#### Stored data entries
+===+
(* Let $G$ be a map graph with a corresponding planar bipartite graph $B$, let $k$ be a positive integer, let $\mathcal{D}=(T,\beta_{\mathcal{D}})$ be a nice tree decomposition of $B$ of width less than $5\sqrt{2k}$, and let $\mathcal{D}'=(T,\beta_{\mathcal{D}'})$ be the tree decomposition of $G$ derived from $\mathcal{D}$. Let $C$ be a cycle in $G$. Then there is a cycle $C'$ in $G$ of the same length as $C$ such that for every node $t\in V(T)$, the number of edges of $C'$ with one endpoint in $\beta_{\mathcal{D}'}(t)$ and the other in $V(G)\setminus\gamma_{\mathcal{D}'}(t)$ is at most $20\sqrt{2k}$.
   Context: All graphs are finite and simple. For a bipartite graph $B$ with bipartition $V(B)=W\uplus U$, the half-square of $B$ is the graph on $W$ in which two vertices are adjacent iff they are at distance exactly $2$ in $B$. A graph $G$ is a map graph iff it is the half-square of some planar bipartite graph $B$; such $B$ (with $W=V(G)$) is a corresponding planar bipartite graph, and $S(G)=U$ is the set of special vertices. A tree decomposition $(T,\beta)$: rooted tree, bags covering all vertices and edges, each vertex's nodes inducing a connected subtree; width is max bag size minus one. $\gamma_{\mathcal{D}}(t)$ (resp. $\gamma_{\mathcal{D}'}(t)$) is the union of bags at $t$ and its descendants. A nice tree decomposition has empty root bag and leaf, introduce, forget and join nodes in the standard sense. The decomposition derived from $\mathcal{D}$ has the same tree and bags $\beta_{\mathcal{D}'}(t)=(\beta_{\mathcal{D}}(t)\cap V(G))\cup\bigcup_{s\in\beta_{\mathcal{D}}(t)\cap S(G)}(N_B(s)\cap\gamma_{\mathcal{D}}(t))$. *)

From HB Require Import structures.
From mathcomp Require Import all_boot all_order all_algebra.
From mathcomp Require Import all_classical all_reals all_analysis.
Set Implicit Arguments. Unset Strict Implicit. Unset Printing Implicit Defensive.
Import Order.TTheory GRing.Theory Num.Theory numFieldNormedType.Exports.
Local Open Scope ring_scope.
+===+
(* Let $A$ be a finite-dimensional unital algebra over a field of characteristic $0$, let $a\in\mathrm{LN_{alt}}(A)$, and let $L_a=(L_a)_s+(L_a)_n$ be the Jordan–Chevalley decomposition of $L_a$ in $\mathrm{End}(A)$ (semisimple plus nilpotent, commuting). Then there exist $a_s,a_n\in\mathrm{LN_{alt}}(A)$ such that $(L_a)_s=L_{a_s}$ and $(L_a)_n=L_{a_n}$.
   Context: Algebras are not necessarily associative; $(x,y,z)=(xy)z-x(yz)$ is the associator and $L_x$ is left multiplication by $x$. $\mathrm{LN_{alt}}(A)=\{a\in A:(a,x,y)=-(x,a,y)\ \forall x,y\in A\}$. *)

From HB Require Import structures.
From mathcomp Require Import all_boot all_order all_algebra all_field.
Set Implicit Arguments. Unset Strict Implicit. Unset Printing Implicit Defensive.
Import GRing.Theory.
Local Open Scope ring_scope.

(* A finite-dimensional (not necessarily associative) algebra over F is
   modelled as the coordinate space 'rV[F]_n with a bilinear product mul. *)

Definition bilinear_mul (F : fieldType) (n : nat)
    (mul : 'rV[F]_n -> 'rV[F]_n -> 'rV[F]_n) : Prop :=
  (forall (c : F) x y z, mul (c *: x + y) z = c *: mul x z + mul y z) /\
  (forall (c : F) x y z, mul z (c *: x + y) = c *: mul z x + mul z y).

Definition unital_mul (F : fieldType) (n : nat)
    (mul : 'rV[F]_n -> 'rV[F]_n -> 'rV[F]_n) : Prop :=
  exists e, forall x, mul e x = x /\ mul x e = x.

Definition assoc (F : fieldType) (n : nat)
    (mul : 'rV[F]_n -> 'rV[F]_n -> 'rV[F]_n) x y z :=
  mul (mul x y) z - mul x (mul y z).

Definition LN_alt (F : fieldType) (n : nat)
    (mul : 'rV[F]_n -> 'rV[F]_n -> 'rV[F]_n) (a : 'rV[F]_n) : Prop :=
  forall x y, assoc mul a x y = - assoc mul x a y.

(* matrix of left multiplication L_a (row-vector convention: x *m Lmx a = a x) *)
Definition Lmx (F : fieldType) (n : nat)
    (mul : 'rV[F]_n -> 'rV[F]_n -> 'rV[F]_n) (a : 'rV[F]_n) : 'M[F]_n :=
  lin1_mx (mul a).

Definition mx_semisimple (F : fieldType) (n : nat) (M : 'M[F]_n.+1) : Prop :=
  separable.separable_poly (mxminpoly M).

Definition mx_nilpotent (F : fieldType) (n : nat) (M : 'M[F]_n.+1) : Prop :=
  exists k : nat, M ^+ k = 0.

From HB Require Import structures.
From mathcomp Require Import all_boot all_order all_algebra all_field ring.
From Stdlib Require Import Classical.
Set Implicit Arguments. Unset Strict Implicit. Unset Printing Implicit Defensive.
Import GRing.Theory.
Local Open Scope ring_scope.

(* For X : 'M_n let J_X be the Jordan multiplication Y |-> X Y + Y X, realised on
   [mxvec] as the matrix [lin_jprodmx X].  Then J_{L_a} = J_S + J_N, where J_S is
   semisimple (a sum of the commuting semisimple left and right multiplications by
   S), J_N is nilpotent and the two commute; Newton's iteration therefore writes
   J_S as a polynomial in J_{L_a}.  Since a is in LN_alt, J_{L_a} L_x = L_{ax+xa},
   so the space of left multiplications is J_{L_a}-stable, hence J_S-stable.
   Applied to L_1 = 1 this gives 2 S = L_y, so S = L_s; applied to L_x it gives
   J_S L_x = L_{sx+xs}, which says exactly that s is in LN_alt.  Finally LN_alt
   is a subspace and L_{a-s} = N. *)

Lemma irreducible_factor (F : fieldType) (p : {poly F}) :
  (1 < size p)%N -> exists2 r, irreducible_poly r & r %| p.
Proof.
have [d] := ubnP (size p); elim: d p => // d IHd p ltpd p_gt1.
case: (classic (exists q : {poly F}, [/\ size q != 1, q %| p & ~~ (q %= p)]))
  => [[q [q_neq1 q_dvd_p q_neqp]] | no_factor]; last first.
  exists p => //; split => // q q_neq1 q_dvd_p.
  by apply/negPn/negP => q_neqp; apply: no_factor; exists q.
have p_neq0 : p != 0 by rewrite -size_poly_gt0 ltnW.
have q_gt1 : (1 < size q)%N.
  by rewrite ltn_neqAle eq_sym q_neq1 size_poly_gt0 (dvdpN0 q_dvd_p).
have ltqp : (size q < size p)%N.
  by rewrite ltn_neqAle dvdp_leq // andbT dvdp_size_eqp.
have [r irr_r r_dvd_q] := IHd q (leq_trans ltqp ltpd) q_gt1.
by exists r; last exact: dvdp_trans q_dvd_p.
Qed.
+===+
There is a run of lines above from the one with "(* matrix of" to the one with "(* For X : 'M_n"; print exactly that run, both ends included, and nothing else.

(* matrix of left multiplication L_a (row-vector convention: x *m Lmx a = a x) *)
Definition Lmx (F : fieldType) (n : nat)
    (mul : 'rV[F]_n -> 'rV[F]_n -> 'rV[F]_n) (a : 'rV[F]_n) : 'M[F]_n :=
  lin1_mx (mul a).

Definition mx_semisimple (F : fieldType) (n : nat) (M : 'M[F]_n.+1) : Prop :=
  separable.separable_poly (mxminpoly M).

Definition mx_nilpotent (F : fieldType) (n : nat) (M : 'M[F]_n.+1) : Prop :=
  exists k : nat, M ^+ k = 0.

From HB Require Import structures.
From mathcomp Require Import all_boot all_order all_algebra all_field ring.
From Stdlib Require Import Classical.
Set Implicit Arguments. Unset Strict Implicit. Unset Printing Implicit Defensive.
Import GRing.Theory.
Local Open Scope ring_scope.

(* For X : 'M_n let J_X be the Jordan multiplication Y |-> X Y + Y X, realised on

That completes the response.